> **Exercise directions**: Repeat nothing but the lines below running from the one containing "have [Z ZFe" to the one containing "have ZFw : deg Z w <= deg F w.". Keep both end lines.

(Data provided Opens)

Lemma minimal_dep_circuit G Z : is_graph G -> Z `<=` G -> ~~ M G Z ->
  (forall e, e \in Z -> M G (Z `\ e)) -> is_circuit M Z.
Proof.
move=> gG ZG nZ Zmin; have gZ := is_graphS gG ZG; split=> //.
  rewrite ltn_neqAle mrank_le_card andbT; apply: contra nZ => /eqP rZ.
  exact: indep_superset gG ZG (indep_full gZ rZ).
move=> e eZ; have ZeG := fsubset_trans (fsubD1set Z e) ZG.
have iZe := indep_subset gG ZeG (fsubset_refl _) (Zmin e eZ).
apply/eqP; rewrite [#|` Z|](cardfsD1 e) eZ add1n subn1 eqn_leq mrank_le_card.
exact: rank_ge iZe (fsubset_refl _).
Qed.

Lemma dep_has_circuit G F : is_graph G -> F `<=` G -> ~~ M G F ->
  exists2 Z, Z `<=` F & is_circuit M Z.
Proof.
move=> gG; have [n] := ubnP #|` F|; elim: n F => // n IH F ltFn FG nF.
case: (boolP [forall e : F, M G (F `\ val e)]) => [/forallP Fmin | /forallPn [[e eF] /= nFe]].
  by exists F => //; apply: minimal_dep_circuit nF _ => // e eF; apply: (Fmin [` eF]).
have ltFe : #|` F `\ e| < n by move: ltFn; rewrite [#|` F|](cardfsD1 e) eF.
have [Z ZFe circZ] := IH (F `\ e) ltFe (fsubset_trans (fsubD1set F e) FG) nFe.
by exists Z => //; apply: fsubset_trans ZFe (fsubD1set F e).
Qed.

Lemma indep_low_degree d G F : is_dimensionality M d -> is_graph G -> F `<=` G ->
  (forall p, p \in F -> exists2 w, incident w p & deg F w <= d) -> M G F.
Proof.
move=> [_ dimM] gG FG low; apply/negPn/negP => /(dep_has_circuit gG FG) [Z ZF circZ].
have [p pZ] : exists p, p \in Z.
  by apply/fset0Pn; rewrite -cardfs_gt0; case: circZ => _ /(leq_ltn_trans (leq0n _)).
have [w wp Fw] := low p (fsubsetP ZF p pZ).
have [k Zk kw] := mindeg_exists (introT (vertsP _ _) (ex_intro2 _ _ p pZ wp)).
have ZFw : deg Z w <= deg F w.
  by apply: fsubset_leq_card; apply/fsubsetP => q; rewrite !inE => /andP[/(fsubsetP ZF) -> ->].
by have := leq_trans (dimM _ _ circZ Zk) (leq_trans kw (leq_trans ZFw Fw)); rewrite ltnn.
Qed.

(Data provided Closes)

> **Your response**:
have [Z ZFe circZ] := IH (F `\ e) ltFe (fsubset_trans (fsubD1set F e) FG) nFe.
by exists Z => //; apply: fsubset_trans ZFe (fsubD1set F e).
Qed.

Lemma indep_low_degree d G F : is_dimensionality M d -> is_graph G -> F `<=` G ->
  (forall p, p \in F -> exists2 w, incident w p & deg F w <= d) -> M G F.
Proof.
move=> [_ dimM] gG FG low; apply/negPn/negP => /(dep_has_circuit gG FG) [Z ZF circZ].
have [p pZ] : exists p, p \in Z.
  by apply/fset0Pn; rewrite -cardfs_gt0; case: circZ => _ /(leq_ltn_trans (leq0n _)).
have [w wp Fw] := low p (fsubsetP ZF p pZ).
have [k Zk kw] := mindeg_exists (introT (vertsP _ _) (ex_intro2 _ _ p pZ wp)).
have ZFw : deg Z w <= deg F w.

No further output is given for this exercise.